Sending data to the Neural Network
----------------------------------

Once a database is loaded, n2d2 use :py:class:`n2d2.provider.DataProvider` to provide data to the neural network.

The :py:class:`n2d2.provider.DataProvider` will automatically apply the :py:class:`n2d2.transform.Transformation` to the dataset. 
To add a transformation to the provider, you should use the method :py:meth:`n2d2.transform.Transformation.add_transformation`.

.. autoclass:: n2d2.provider.DataProvider
        :members:
        :inherited-members:

Example
-------

In this example, we will show you how to create a :py:class:`n2d2.database.Database`, :py:class:`n2d2.provider.Provider` and apply :py:class:`n2d2.transformation.Transformation` to the data.

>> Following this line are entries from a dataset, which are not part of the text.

Lemma line_no_unit_chord p w t :
  N (line p w (-1)) < 1 -> N (line p w 0) < 1 ->
  N (line p w (t - 1)) = 1 -> N (line p w t) = 1 -> False.
Proof.
  intros Hm1 H0 Ht1 Ht.
  destruct (Rlt_le_dec t (-1)) as [H1|H1]; [|destruct (Rlt_le_dec t 0) as [H2|H2];
    [|destruct (Rlt_le_dec t 1) as [H3|H3]]].
  - pose proof (line_lt1_r p w (t - 1) t (-1) ltac:(lra) ltac:(lra) Hm1). lra.
  - pose proof (line_lt1_l p w (-1) t 0 ltac:(lra) Hm1 ltac:(lra)). lra.
  - pose proof (line_lt1_l p w (-1) (t - 1) 0 ltac:(lra) Hm1 ltac:(lra)). lra.
  - pose proof (line_lt1_l p w 0 (t - 1) t ltac:(lra) H0 ltac:(lra)). lra.
Qed.

Definition long_segment_in_sphere : Prop :=
  exists c d : pt, unit_sphere N c /\ unit_sphere N d /\ N (psub c d) > 1 /\
    (forall x, segment c d x -> unit_sphere N x).

Lemma long_segment_of_three p w l m h : l < m < h ->
  N (line p w l) = 1 -> N (line p w m) = 1 -> N (line p w h) = 1 ->
  (h - l) * N w > 1 -> long_segment_in_sphere.
Proof.
  intros Hm Hl HM Hh Hw.
  exists (line p w l), (line p w h); unfold unit_sphere; repeat split; auto.
  - replace (psub (line p w l) (line p w h)) with (pscale (l - h) w) by (unfold line; pt_ring).
    rewrite (norm_homog _ HN), Rabs_left1 by lra. lra.
  - intros x [t [Ht ->]].
    replace (padd (line p w l) (pscale t (psub (line p w h) (line p w l))))
      with (line p w (l + t * (h - l))) by (unfold line; pt_ring).
    apply (line_eq1_between p w l m h); auto. nra.
Qed.

Definition apex (u y : pt) : Prop := N y = 1 /\ N (psub u y) = 1.

Lemma apex_reflect u y : apex u y -> apex u (psub u y).
Proof.
  intros [H1 H2]; split; [assumption|].
  now replace (psub u (psub u y)) with y by pt_ring.
Qed.

Lemma apex_det_eq u y z : N u = 1 -> apex u y -> apex u z -> y <> z ->
  det u y = det u z -> long_segment_in_sphere.
Proof.
  intros Hu [Hy Hy'] [Hz Hz'] Hyz Hd.
  destruct (det_eq_line u y z (norm1_neq0 u Hu) Hd) as [s ->].
  assert (Hs : s <> 0) by (intros ->; apply Hyz; unfold line; pt_ring).
  assert (Lm1 : N (line z u (-1)) = 1).
  { replace (line z u (-1)) with (psub z u) by (unfold line; pt_ring).
    now rewrite norm_psubC. }
  assert (L0 : N (line z u 0) = 1)
    by (now replace (line z u 0) with z by (unfold line; pt_ring)).
  assert (Ls1 : N (line z u (s - 1)) = 1).
  { replace (line z u (s - 1)) with (psub (line z u s) u) by (unfold line; pt_ring).
    now rewrite norm_psubC. }
  destruct (Rlt_or_le 0 s).
  - apply (long_segment_of_three z u (-1) 0 s); auto; try rewrite Hu; lra.
  - apply (long_segment_of_three z u (s - 1) (-1) 0); auto; try rewrite Hu; lra.
Qed.
(* Consider full-batch Noisy-SGD ($\mathcal{B}_t=\mathcal{B}_t'=[n]$) on adjacent datasets $\mathcal{D},\mathcal{D}'$, with iterates $W_t,W_t'$ and $W_0=W_0'$. Suppose the gradient update maps $\psi_t(x)=x-\frac{\eta}{n}\sum_{i\in[n]}\Pi_{B_K}[\nabla\ell_i(x)]$ and $\psi_t'(x)=x-\frac{\eta}{n}\sum_{i\in[n]}\Pi_{B_K}[\nabla\ell_i'(x)]$ are $c$-Lipschitz for some $c\ge0$. Then for all $t\ge0$, $$W_\infty(W_t,W_t')\le\min(D_t,D),\qquad D_t=\min\big(cD_{t-1}+2\eta K/n,\ D_{t-1}+2\eta K\big),\quad D_0=0.$$
   Context: Setting (Noisy-SGD). Let $\mathcal{K}\subset\mathbb{R}^d$ be a nonempty closed convex set of diameter $D$, $\Pi_{\mathcal{K}}$ the Euclidean projection. Let $\ell(\cdot;d)$, $d\in\mathcal{X}$, be differentiable losses on $\mathcal{K}$; for $\mathcal{D}=(d_1,\dots,d_n)$ write $\ell_i=\ell(\cdot;d_i)$, and $\ell_i'=\ell(\cdot;d_i')$ for $\mathcal{D}'$. $\Pi_{B_K}(v)=v\min(1,K/\|v\|)$. Noisy-SGD: $W_{t+1}=\Pi_{\mathcal{K}}\big[W_t-\eta\frac1b\sum_{i\in\mathcal{B}_t}\Pi_{B_K}[\nabla\ell_i(W_t)]+G_t\big]$, $G_t$ i.i.d. $N(0,\sigma^2I_d)$ independent of everything else; $W_t'$ is defined analogously on $\mathcal{D}'$ with its own noise $G_t'$ of the same law. Adjacent datasets differ in exactly one index. The infinite Wasserstein distance between laws $\mu,\nu$ on $\mathbb{R}^d$ is $W_\infty(\mu,\nu)=\inf_{\gamma\in\Gamma(\mu,\nu)}\operatorname{ess\,sup}_{(X,Y)\sim\gamma}\|X-Y\|$, $\Gamma(\mu,\nu)$ the set of couplings; $W_\infty(W_t,W_t')$ refers to the laws of $W_t,W_t'$. *)

From HB Require Import structures.
From mathcomp Require Import all_boot all_order all_algebra.
From mathcomp Require Import all_classical all_reals all_analysis.
From mathcomp Require Import ess_sup_inf.
Set Implicit Arguments. Unset Strict Implicit. Unset Printing Implicit Defensive.
Import Order.TTheory GRing.Theory Num.Theory.
Import numFieldNormedType.Exports.
Local Open Scope classical_set_scope.
Local Open Scope ring_scope.

Section Defs.
Variables (R : realType) (d : nat).

Definition enorm (v : 'rV[R]_d) : R := Num.sqrt (\sum_(j < d) v ord0 j ^+ 2).

Definition edot (u v : 'rV[R]_d) : R := \sum_(j < d) u ord0 j * v ord0 j.

(** Pi_{B_K}(v) = v * min(1, K/||v||)  (with v = 0 mapped to 0). *)
Definition clipK (K : R) (v : 'rV[R]_d) : 'rV[R]_d :=
  Num.min 1 (K / enorm v) *: v.

Definition vecB : Type := g_sigma_algebraType (@open 'rV[R]_d).

Definition law dO (Omega : measurableType dO) (P : probability Omega R)
  (X : Omega -> 'rV[R]_d) : set vecB -> \bar R :=
  fun A => P (X @^-1` A).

We will use the :py:class:`n2d2.database.MNIST` database driver, rescale the images to a 32x32 pixels size and then print the data used for the learning.

.. testcode::

        # Loading data
        database = n2d2.database.MNIST(data_path=path, validation=0.1)

        # Initializing DataProvider
        provider = n2d2.provider.DataProvider(database, [32, 32, 1], batch_size=batch_size)

        # Applying Transformation
        provider.add_transformation(n2d2.transform.Rescale(width=32, height=32))

        # Setting the partition of data we will use
        provider.set_partition("Learn")

        # Iterating other the inputs
        for inputs in provider:
                print(inputs)